• What the task requires
Before you finish, make sure every line below has been written out exactly.

• Extracted records

================================

Variables (l a b f c : R) (j : nat) (u u1 u2 v v1 v2 : R -> R).
Hypotheses (hl : 0 < l) (hj : (1 <= j)%nat) (hb : 0 < b)
  (Hrel : (a - lam l j) * (b + lam l j) + b * f = 0)
  (Nu : neumann2 l u u1 u2) (Nv : neumann2 l v v1 v2)
  (Hsys : forall x, Icc l x ->
     u2 x = - a * u x - f * v x + c * (a + lam l j) * cos (omega l j * x) /\
     v2 x = b * (v x - u x) + c * b * cos (omega l j * x)).

Lemma neumann2_system_forcing_eq_0 : c = 0.
Proof.
  pose proof (lam_pos l j hl hj).
  enough (E : c * (2 * lam l j * (b + lam l j)) = 0).
  { apply Rmult_integral in E. destruct E as [E|E]; [exact E | nra]. }
  apply (neumann2_resonance l _ _ _ j _ hl hj
           (neumann2_lin l _ _ _ _ _ _ (b + lam l j) f Nu Nv)).
  intros x Hx. destruct (Hsys x Hx) as [-> ->].
  transitivity (- lam l j * ((b + lam l j) * u x + f * v x)
                + c * (2 * lam l j * (b + lam l j)) * cos (omega l j * x)
                + (c * cos (omega l j * x) - u x) * ((a - lam l j) * (b + lam l j) + b * f));
    [ring|].
  rewrite Hrel. ring.
Qed.

Lemma neumann2_system_span : f <> 0 -> (forall n, b - a + lam l j <> - lam l n) ->
  exists c', forall x, Icc l x ->
    u x = c' * cos (omega l j * x) /\
    v x = c' * (b / (b + lam l j)) * cos (omega l j * x).
Proof.
  intros hf Hnr. pose proof (lam_pos l j hl hj). pose proof neumann2_system_forcing_eq_0 as Hc.
  assert (HZ : forall x, Icc l x -> (a - lam l j) * u x + f * v x = 0).
  { apply (neumann2_zero_of_not_eigen l (fun x => (a - lam l j) * u x + f * v x) _ _
             (b - a + lam l j) hl (neumann2_lin l _ _ _ _ _ _ (a - lam l j) f Nu Nv));
      [|exact Hnr].
    intros x Hx. destruct (Hsys x Hx) as [-> ->]. rewrite Hc.
    transitivity ((b - a + lam l j) * ((a - lam l j) * u x + f * v x)
                  - u x * ((a - lam l j) * (b + lam l j) + b * f)); [ring|].
    rewrite Hrel. ring. }
  assert (HY : forall x, Icc l x ->
    (b + lam l j) * u x + f * v x = ((b + lam l j) * u 0 + f * v 0) * cos (omega l j * x)).
  { destruct (neumann2_lin l _ _ _ _ _ _ (b + lam l j) f Nu Nv) as [DY [DY1 [Y0 _]]].
    refine (fun x Hx => proj1 (ode2_cos_solution l _ _ _ (omega l j) hl DY DY1 _ Y0 x Hx)).
    intros t Ht. rewrite omega_sqr. destruct (Hsys t Ht) as [-> ->]. rewrite Hc.
    transitivity (- lam l j * ((b + lam l j) * u t + f * v t)
                  - u t * ((a - lam l j) * (b + lam l j) + b * f)); [ring|].
    rewrite Hrel. ring. }
  assert (Hd : b - a + 2 * lam l j <> 0) by (specialize (Hnr j); lra).
  exists (((b + lam l j) * u 0 + f * v 0) / (b - a + 2 * lam l j)).
  intros x Hx. specialize (HY x Hx). specialize (HZ x Hx).
  assert (Hux : u x = ((b + lam l j) * u 0 + f * v 0) / (b - a + 2 * lam l j)
                      * cos (omega l j * x)).
  { apply Rmult_eq_reg_l with (b - a + 2 * lam l j); [|exact Hd].
    transitivity ((b + lam l j) * u x + f * v x - ((a - lam l j) * u x + f * v x)); [ring|].
    rewrite HY, HZ. field. exact Hd. }
  split; [exact Hux|].
  apply Rmult_eq_reg_l with f; [|exact hf].
  transitivity (- (a - lam l j) * u x); [lra|].
  replace (a - lam l j) with (- (b * f) / (b + lam l j)) by (field_simplify_eq; lra).
  rewrite Hux. field. lra.
Qed.

End ForcedSystem.

Lemma MmI_iter_eq_0_span l D r1 dr1 s j : 0 < l -> 0 < D -> (1 <= j)%nat ->
  0 < f0 D r1 dr1 s -> f1 D r1 dr1 <> 0 ->
  (f0 D r1 dr1 s - lam l j) * (/ D + lam l j) + / D * f1 D r1 dr1 = 0 ->
  (forall n, / D - f0 D r1 dr1 s + lam l j <> - lam l n) ->
  forall k psi, inX l psi -> eqX l (Nat.iter k (MmI l D r1 dr1 s) psi) zeroX ->
  exists c, eqX l psi (scaleX c (phi l D j)).
Proof.
  intros hl hD hj ha hf Hrel Hnr k. induction k as [|k IHk]; intros psi Hpsi Hit.
  - exists 0. destruct Hit as [E1 E2]. simpl in E1, E2.
    split; intros x Hx; simpl; [rewrite E1 | rewrite E2]; trivial; ring.
  - rewrite Nat.iter_succ_r in Hit.
    destruct (IHk _ (MmI_inX l D r1 dr1 s psi hl hD ha Hpsi) Hit) as [c Hc].
    destruct psi as [u v].
    destruct (MmI_eq_scale_phi_neumann2 l D r1 dr1 s j c u v hl hD ha Hpsi Hc)
      as [u1 [u2 [v1 [v2 [Nu [Nv Hsys]]]]]].
    assert (hb : 0 < / D) by (apply Rinv_0_lt_compat, hD).
    destruct (neumann2_system_span l _ _ _ c j u u1 u2 v v1 v2 hl hj hb Hrel Nu Nv Hsys hf Hnr)
      as [c' Hc'].
    exists c'. pose proof (lam_nonneg l j).
    split; intros x Hx; simpl; destruct (Hc' x Hx) as [Eu Ev];
      [rewrite Eu; ring | rewrite Ev; field; nra].
Qed.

================================

• Result
Variables (l a b f c : R) (j : nat) (u u1 u2 v v1 v2 : R -> R).
Hypotheses (hl : 0 < l) (hj : (1 <= j)%nat) (hb : 0 < b)
  (Hrel : (a - lam l j) * (b + lam l j) + b * f = 0)
  (Nu : neumann2 l u u1 u2) (Nv : neumann2 l v v1 v2)
  (Hsys : forall x, Icc l x ->
     u2 x = - a * u x - f * v x + c * (a + lam l j) * cos (omega l j * x) /\
     v2 x = b * (v x - u x) + c * b * cos (omega l j * x)).

Lemma neumann2_system_forcing_eq_0 : c = 0.
Proof.
  pose proof (lam_pos l j hl hj).
  enough (E : c * (2 * lam l j * (b + lam l j)) = 0).
  { apply Rmult_integral in E. destruct E as [E|E]; [exact E | nra]. }
  apply (neumann2_resonance l _ _ _ j _ hl hj
           (neumann2_lin l _ _ _ _ _ _ (b + lam l j) f Nu Nv)).
  intros x Hx. destruct (Hsys x Hx) as [-> ->].
  transitivity (- lam l j * ((b + lam l j) * u x + f * v x)
                + c * (2 * lam l j * (b + lam l j)) * cos (omega l j * x)
                + (c * cos (omega l j * x) - u x) * ((a - lam l j) * (b + lam l j) + b * f));
    [ring|].
  rewrite Hrel. ring.
Qed.

Lemma neumann2_system_span : f <> 0 -> (forall n, b - a + lam l j <> - lam l n) ->
  exists c', forall x, Icc l x ->
    u x = c' * cos (omega l j * x) /\
    v x = c' * (b / (b + lam l j)) * cos (omega l j * x).
Proof.
  intros hf Hnr. pose proof (lam_pos l j hl hj). pose proof neumann2_system_forcing_eq_0 as Hc.
  assert (HZ : forall x, Icc l x -> (a - lam l j) * u x + f * v x = 0).
  { apply (neumann2_zero_of_not_eigen l (fun x => (a - lam l j) * u x + f * v x) _ _
             (b - a + lam l j) hl (neumann2_lin l _ _ _ _ _ _ (a - lam l j) f Nu Nv));
      [|exact Hnr].
    intros x Hx. destruct (Hsys x Hx) as [-> ->]. rewrite Hc.
    transitivity ((b - a + lam l j) * ((a - lam l j) * u x + f * v x)
                  - u x * ((a - lam l j) * (b + lam l j) + b * f)); [ring|].
    rewrite Hrel. ring. }
  assert (HY : forall x, Icc l x ->
    (b + lam l j) * u x + f * v x = ((b + lam l j) * u 0 + f * v 0) * cos (omega l j * x)).
  { destruct (neumann2_lin l _ _ _ _ _ _ (b + lam l j) f Nu Nv) as [DY [DY1 [Y0 _]]].
    refine (fun x Hx => proj1 (ode2_cos_solution l _ _ _ (omega l j) hl DY DY1 _ Y0 x Hx)).
    intros t Ht. rewrite omega_sqr. destruct (Hsys t Ht) as [-> ->]. rewrite Hc.
    transitivity (- lam l j * ((b + lam l j) * u t + f * v t)
                  - u t * ((a - lam l j) * (b + lam l j) + b * f)); [ring|].
    rewrite Hrel. ring. }
  assert (Hd : b - a + 2 * lam l j <> 0) by (specialize (Hnr j); lra).
  exists (((b + lam l j) * u 0 + f * v 0) / (b - a + 2 * lam l j)).
  intros x Hx. specialize (HY x Hx). specialize (HZ x Hx).
  assert (Hux : u x = ((b + lam l j) * u 0 + f * v 0) / (b - a + 2 * lam l j)
                      * cos (omega l j * x)).
  { apply Rmult_eq_reg_l with (b - a + 2 * lam l j); [|exact Hd].
    transitivity ((b + lam l j) * u x + f * v x - ((a - lam l j) * u x + f * v x)); [ring|].
    rewrite HY, HZ. field. exact Hd. }
  split; [exact Hux|].
  apply Rmult_eq_reg_l with f; [|exact hf].
  transitivity (- (a - lam l j) * u x); [lra|].
  replace (a - lam l j) with (- (b * f) / (b + lam l j)) by (field_simplify_eq; lra).
  rewrite Hux. field. lra.
Qed.

End ForcedSystem.

Lemma MmI_iter_eq_0_span l D r1 dr1 s j : 0 < l -> 0 < D -> (1 <= j)%nat ->
  0 < f0 D r1 dr1 s -> f1 D r1 dr1 <> 0 ->
  (f0 D r1 dr1 s - lam l j) * (/ D + lam l j) + / D * f1 D r1 dr1 = 0 ->
  (forall n, / D - f0 D r1 dr1 s + lam l j <> - lam l n) ->
  forall k psi, inX l psi -> eqX l (Nat.iter k (MmI l D r1 dr1 s) psi) zeroX ->
  exists c, eqX l psi (scaleX c (phi l D j)).
Proof.
  intros hl hD hj ha hf Hrel Hnr k. induction k as [|k IHk]; intros psi Hpsi Hit.
  - exists 0. destruct Hit as [E1 E2]. simpl in E1, E2.
    split; intros x Hx; simpl; [rewrite E1 | rewrite E2]; trivial; ring.
  - rewrite Nat.iter_succ_r in Hit.
    destruct (IHk _ (MmI_inX l D r1 dr1 s psi hl hD ha Hpsi) Hit) as [c Hc].
    destruct psi as [u v].
    destruct (MmI_eq_scale_phi_neumann2 l D r1 dr1 s j c u v hl hD ha Hpsi Hc)
      as [u1 [u2 [v1 [v2 [Nu [Nv Hsys]]]]]].
    assert (hb : 0 < / D) by (apply Rinv_0_lt_compat, hD).
    destruct (neumann2_system_span l _ _ _ c j u u1 u2 v v1 v2 hl hj hb Hrel Nu Nv Hsys hf Hnr)
      as [c' Hc'].
    exists c'. pose proof (lam_nonneg l j).
    split; intros x Hx; simpl; destruct (Hc' x Hx) as [Eu Ev];
      [rewrite Eu; ring | rewrite Ev; field; nra].
Qed.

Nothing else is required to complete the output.